Called Out Upon The Water
It’s night and I look across the bay from the dock where our borrowed sailboat is. A small town in the Dominican Republic that is our mission field sits unnaturally aglow, despite the complete darkness that surrounds it. It is a place filled with spiritual darkness, a place known as ‘Little Thailand’ due to the sex trade of men, women, boys and girls. I think this is what Sodom and Gomorrah must have resembled.
I look to that glowing town, and remember the young woman I saw earlier being violently sick in the bathroom and moments later returning to her ‘date’. I recall the older woman who hadn’t been shown kindness and affection for many years, and how much it meant that someone was thinking of her, and praying for her and how her face lights up every time I see her in town now. This town is home to many of the kids that now run up to myself, my husband, and our kids and offer us hugs instead of their candies, gums, or bodies.
My mind drifts away as the sermon begins, “Today we will be in Luke…” My mind has left the church walls and is now fully occupied in a personal conversation with God. As the lights dim and the worship music begins again, signaling the end of service, I’m startled back to reality, and realize I haven’t heard much of what the pastor has said.
I’m starting to think I’ve got an attitude problem.
Here I sit in church, wanting to be somewhere else. I’m sure there are plenty of people who have felt this way on any given Sunday, but for me this was a bigger deal than most. My husband and I are active leaders in our community church, one we helped plant, and one that my husband is also an assistant pastor for. We are plugged into a church with great families, solid Bible teaching, and filled with people that we consider our family. Yet, I’m feeling called in another direction.
So, I pray. I pray that God will show me what to do. I pray that if it is an attitude problem, then it would be exposed and God and I could work through it. I also pray that my husband’s heart would change to meet mine, and for our God to unite our hearts in one calling together. I decide to keep this specific prayer to myself and let God work it out. I would love to say that I am praying these things with utmost confidence, but I am not. I’m convinced that this desire is just something I have to get over and forget about and move ahead serving faithfully where I am at.
And so I do. However, after awhile it becomes clear that my husband’s heart is beginning to change as well. He too wants to serve in a different capacity. He has been the guy that was at church early and stayed late; he took calls through the night and made visits to hurting people and families whenever there was a need. I love how much he cares for the people in our lives and in the church. Yet it is clear to me, God is on the move.
As we pray and prepare ourselves for what is next, it's been amazing to look back over the years and see the preparation that has had to happen for us to be on this path. Not just what God had to do with us as a family or a married couple, but how He had to work through me as well. At times, this journey was difficult, and other times freeing. I am pleased to know that the work God has started in me is not done and He is faithful to finish what He has begun.
Three years ago, I was a professional therapist with a private practice. Just when I thought that I had attained my professional goals, God asked me to consider taking my kids out of their school and to homeschool them. I never had the slightest inclination to homeschool my kids prior to this.
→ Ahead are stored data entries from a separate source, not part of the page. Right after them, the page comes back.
Lemma count_gt_ord_le {N : nat} (j : 'I_N) :
  (count (fun i : 'I_N => j < i) (enum 'I_N) <= N - j.+1)%N.
Proof.
have := count_map (@nat_of_ord N) (fun k => (j < k)%N) (enum 'I_N).
rewrite val_enum_ord => <-.
have -> : iota 0 N = iota 0 j.+1 ++ iota j.+1 (N - j.+1) by rewrite -iotaD subnKC.
rewrite count_cat.
have -> : count (fun k => (j < k)%N) (iota 0 j.+1) = 0%N.
  apply/eqP; rewrite -leqn0 leqNgt -has_count; apply/hasPn => k.
  by rewrite mem_iota add0n ltnS -leqNgt.
by rewrite add0n (leq_trans (count_size _ _)) ?size_iota.
Qed.

Lemma card_classical_set (T : finType) (P : pred T) :
  #|[set x | P x]%classic| = count P (enum T).
Proof.
rewrite enumT cardE /enum_mem size_filter; apply: eq_count => x /=.
by apply/idP/idP; rewrite in_setE.
Qed.

Section LabelledMarket.
Context {R : realType} {N : nat} {b s : 'I_N -> R} { pi : 'I_N -> label }.

Definition labelled_values (f : 'I_N -> R) (L : pred label) : seq R :=
  [seq f i | i <- enum 'I_N & L (pi i)].

Lemma count_labelled_values f L (P : pred R) :
  count P (labelled_values f L) = count [pred i | L (pi i) && P (f i)] (enum 'I_N).
Proof. by rewrite count_map count_filter; apply: eq_count => i /=; rewrite andbC. Qed.

Lemma subseq_labelled_values f (L L' : pred label) : subpred L L' ->
  subseq (labelled_values f L) (labelled_values f L').
Proof.
move=> sub_LL'; apply: map_subseq.
rewrite -[X in subseq X _](@eq_filter _ (predI (L \o pi) (L' \o pi))).
  by rewrite filter_predI filter_subseq.
by move=> i /=; case: (boolP (L (pi i))) => [/sub_LL'->|].
Qed.

Definition few_old_sellers_below (j : 'I_N) : bool :=
  (count [pred i | (pi i == SO) && (j < i)%N] (enum 'I_N)
    <= count [pred i | (pi i == BO) && (i <= j)%N] (enum 'I_N))%N.

Lemma few_old_sellers_below_of_late (j : 'I_N) :
  (N - j.+1 <= count [pred i | pi i == BO] (enum 'I_N))%N -> few_old_sellers_below j.
Proof.
move=> late_j; rewrite /few_old_sellers_below.
have split_BO : count [pred i | pi i == BO] (enum 'I_N) =
    (count [pred i | (pi i == BO) && (i <= j)%N] (enum 'I_N)
     + count [pred i | (pi i == BO) && (j < i)%N] (enum 'I_N))%N.
  rewrite -count_predU_disjoint => [|i /andP[_ le_ij]]; last first.
    by rewrite /= ltnNge le_ij andbF.
  by apply: eq_count => i /=; rewrite -andb_orr leqNgt orNb andbT.
have old_after : (count [pred i | (pi i == SO) && (j < i)%N] (enum 'I_N)
    + count [pred i | (pi i == BO) && (j < i)%N] (enum 'I_N) <= N - j.+1)%N.
  rewrite -count_predU_disjoint => [|i /andP[/eqP pi_i _]]; last by rewrite /= pi_i.
  apply: leq_trans _ (count_gt_ord_le j).
  by apply: sub_count => i /= /orP[]/andP[].
lia.
Qed.

Hypothesis b_noninc : {homo b : i j / (i <= j)%N >-> i >= j}.
Hypothesis s_noninc : {homo s : i j / (i <= j)%N >-> i >= j}.
Hypothesis s_le_b : forall i, s i <= b i.

Lemma seller_value_le_of_count (j : 'I_N) (x : R) :
  few_old_sellers_below j ->
  (count [pred i | (pi i == BO) && (x < b i)%R] (enum 'I_N)
    < count [pred i | (pi i == SO) && (s i <= x)%R] (enum 'I_N))%N ->
  s j <= x.
Proof.
move=> few_after; apply: contraLR; rewrite -ltNge -leqNgt => lt_x_sj.
apply: leq_trans (leq_trans few_after _).
  apply: sub_count => i /andP[/= -> le_six]; rewrite ltnNge.
  by apply: contraTN (le_lt_trans le_six lt_x_sj) => /s_noninc; rewrite -leNgt.
apply: sub_count => i /andP[/= -> /b_noninc le_bj_bi].
exact: lt_le_trans lt_x_sj (le_trans (s_le_b j) le_bj_bi).
Qed.
(* Assume (A1)–(A6), and let $u^*(r)=u^*_{\lambda^*}(r(\lambda^* )^{-1/\theta})$, where $(u^*_{\lambda^*},\lambda^* )$ is the singular solution of Theorem 1.1 (so $u^*$ is a singular solution of $L(u)+e^{f(u)}=0$). Then $$u^*(r)=\mathcal F^{-1}\big(K r^{\theta/(\beta+1)}(1+\delta(r))\big),\qquad K=\frac{\beta+1}{\theta}(\alpha-\beta-1)^{-\frac{1}{\beta+1}},$$ where $\delta(r)\to0$ as $r\to0^+$.
   Context: $L(u)(r)=r^{-\gamma}(r^{\alpha}|u'|^{\beta}u')'$, $\theta=\gamma+2+\beta-\alpha$, $g=f^{-1}$, $\mathcal F(u)=\int_u^{\infty}e^{-f(s)/(\beta+1)}ds$ (finite and strictly decreasing under the assumptions). ''$O(g''(t))$'' means bounded by $C|g''(t)|$ for large $t$, $o(t)$ any $h$ with $h/t\to0$. (A1) $f\in C^4([0,\infty))$, $f'>0$, $f\to+\infty$. (A2) $g''(t)\to0$ and $f(g(t)+\varepsilon(t))/t\to1$ for every $\varepsilon(t)=O(g''(t))$. (A3) $g'(t)/g'(t+h(t))\to1$ for $h=o(t)$. (A4) $\frac{g''(t)}{g'(t)}\ln g'(t)\to0$. (A5)(a) $g'''(\ln g')^n=O(g'')$, $n=0,1,2$, $g^{(4)}\ln g'=O(g'')$; (b) $\sup_{s\ge t}|g''(s)|=O(g''(t))$, $g''(t+h(t))=O(g''(t))$ for $h=o(t)$. (A6) $\alpha>\beta+1$, $\beta\ge0$, $\theta>0$. Theorem 1.1: there exist $\lambda^*>0$ and $u^*_{\lambda^*}\in C^2((0,1])$ with $L(u)+\lambda^*e^{f(u)}=0$ on $(0,1)$, $u(1)=0$, $u(r)\to+\infty$ as $r\to0^+$, and $u^*_{\lambda^*}(r)=g(Z(r))+O(g''(\ln r^{-\theta}))$, $Z(r)=\ln\{\theta^{\beta+1}(\alpha-\beta-1)\}-\ln\lambda^*-\theta\ln r+(\beta+1)\ln\{g'(\tau)+(\beta+1)g''(\tau)\ln g'(\tau)\}$, $\tau=\ln\frac{\beta+1}{\lambda^*r^\theta}$. *)

From Stdlib Require Import Reals.
From Coquelicot Require Import Coquelicot.
Open Scope R_scope.

(* x^b for x >= 0, with the conventions 0^b = 0 (b <> 0) and 0^0 = 1.
   (Stdlib's Rpower is only meaningful for x > 0.) *)
Definition rpow (x b : R) : R :=
  if Rlt_dec 0 x then Rpower x b else if Req_EM_T b 0 then 1 else 0.

(* f in C^4([0,oo)) with f' > 0 on [0,oo): f is the restriction to [0,oo)
   of a C^4 function h on R (one-sided derivatives at 0 are those of h). *)
Definition C4_pos_deriv_nonneg (f : R -> R) : Prop :=
  exists h : R -> R,
    (forall x, 0 <= x -> h x = f x) /\
    (forall x, forall k : nat, (k <= 4)%nat -> ex_derive_n h k x) /\
    (forall x, continuous (Derive_n h 4) x) /\
    (forall x, 0 <= x -> 0 < Derive h x).

Definition bigO_inf (e h : R -> R) : Prop :=
  exists C M : R, forall t, M < t -> Rabs (e t) <= C * Rabs (h t).

Definition littleo_t (h : R -> R) : Prop :=
  is_lim (fun t => h t / t) p_infty 0.

Definition flux (alpha beta : R) (u : R -> R) (s : R) : R :=
  Rpower s alpha * rpow (Rabs (Derive u s)) beta * Derive u s.

Definition Lop (alpha beta gamma : R) (u : R -> R) (r : R) : R :=
  Rpower r (- gamma) * Derive (flux alpha beta u) r.

Definition calF (f : R -> R) (beta u : R) : R :=
  RInt_gen (fun s => exp (- f s / (beta + 1))) (at_point u) (Rbar_locally p_infty).

(* Hypotheses (A1)-(A6); g is the inverse of f. *)
Definition hypA (f g : R -> R) (alpha beta gamma : R) : Prop :=
  let g1 := Derive_n g 1 in
  let g2 := Derive_n g 2 in
  let g3 := Derive_n g 3 in
  let g4 := Derive_n g 4 in
  C4_pos_deriv_nonneg f /\ is_lim f p_infty p_infty /\
  is_lim g2 p_infty 0 /\
  (forall eps : R -> R, bigO_inf eps g2 ->
     is_lim (fun t => f (g t + eps t) / t) p_infty 1) /\
  (forall h : R -> R, littleo_t h ->
     is_lim (fun t => g1 t / g1 (t + h t)) p_infty 1) /\
  is_lim (fun t => g2 t / g1 t * ln (g1 t)) p_infty 0 /\
  (forall n : nat, (n <= 2)%nat -> bigO_inf (fun t => g3 t * (ln (g1 t)) ^ n) g2) /\
  bigO_inf (fun t => g4 t * ln (g1 t)) g2 /\
  (exists C M : R, forall t s, M < t -> t <= s -> Rabs (g2 s) <= C * Rabs (g2 t)) /\
  (forall h : R -> R, littleo_t h -> bigO_inf (fun t => g2 (t + h t)) g2) /\
  alpha > beta + 1 /\ beta >= 0 /\ gamma + 2 + beta - alpha > 0.

Definition thm11_solution (f g : R -> R) (alpha beta gamma lam : R) (u : R -> R) : Prop :=
  let theta := gamma + 2 + beta - alpha in
  0 < lam /\
  (* u in C^2((0,1]) *)
  (forall r, 0 < r < 1 -> ex_derive_n u 2 r /\ continuous (Derive_n u 2) r) /\
  filterlim u (at_left 1) (locally (u 1)) /\
  (exists d1, filterlim (Derive u) (at_left 1) (locally d1)) /\
  (exists d2, filterlim (Derive_n u 2) (at_left 1) (locally d2)) /\
  (* u takes values in the domain [0,oo) of f *)
  (forall r, 0 < r <= 1 -> 0 <= u r) /\
  (forall r, 0 < r < 1 ->
     ex_derive (flux alpha beta u) r /\
     Lop alpha beta gamma u r + lam * exp (f (u r)) = 0) /\
  u 1 = 0 /\
  filterlim u (at_right 0) (Rbar_locally p_infty) /\
  (exists C : R, exists eta : R, 0 < eta /\ forall r, 0 < r < eta ->
     let tau := ln ((beta + 1) / (lam * Rpower r theta)) in
     let Z := ln (Rpower theta (beta + 1) * (alpha - beta - 1)) - ln lam
              - theta * ln r
              + (beta + 1) * ln (Derive_n g 1 tau
                                 + (beta + 1) * Derive_n g 2 tau * ln (Derive_n g 1 tau)) in
     Rabs (u r - g Z) <= C * Rabs (Derive_n g 2 (ln (Rpower r (- theta))))).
He was not forceful in this request, He simply asked me to consider the possibility. So, I considered it and prayed about it, and soon thereafter I had a desire in my heart to bring my kids home from their schools and teach them myself. God's desire for me and my family had become mine as well because He had changed my heart. In my naivety, I assumed that this choice was a great sacrifice on my part, one I was willing to do, for the sake of my kids. However, I had not considered that this was not only for the benefit of my children, but God had some work to do in me as well.
After some time of trying to juggle being a new homeschool family and being an owner and therapist in my small private practice, I began to hear that small voice suggest something I did not want to hear. He quietly suggested that I close my therapy practice. The thought of closing my office felt like giving up on a dream. I was devastated. My degrees, my business, my independence had not only given me some sense of normalcy, it was part of my identity. I wasn't just a homeschool mom or pastor's wife, I was a therapist, a business owner, a highly educated woman. That had given me a great sense of accomplishment because it was my own. The only problem with this was that it was not what God wanted me to identify myself with.
God knew where He was going to take me and my family and where He wants us to go; my only job was to trust His leading. Each step of faith, some small some large, was preparing me for the very large step of faith I am currently considering, sell everything and go.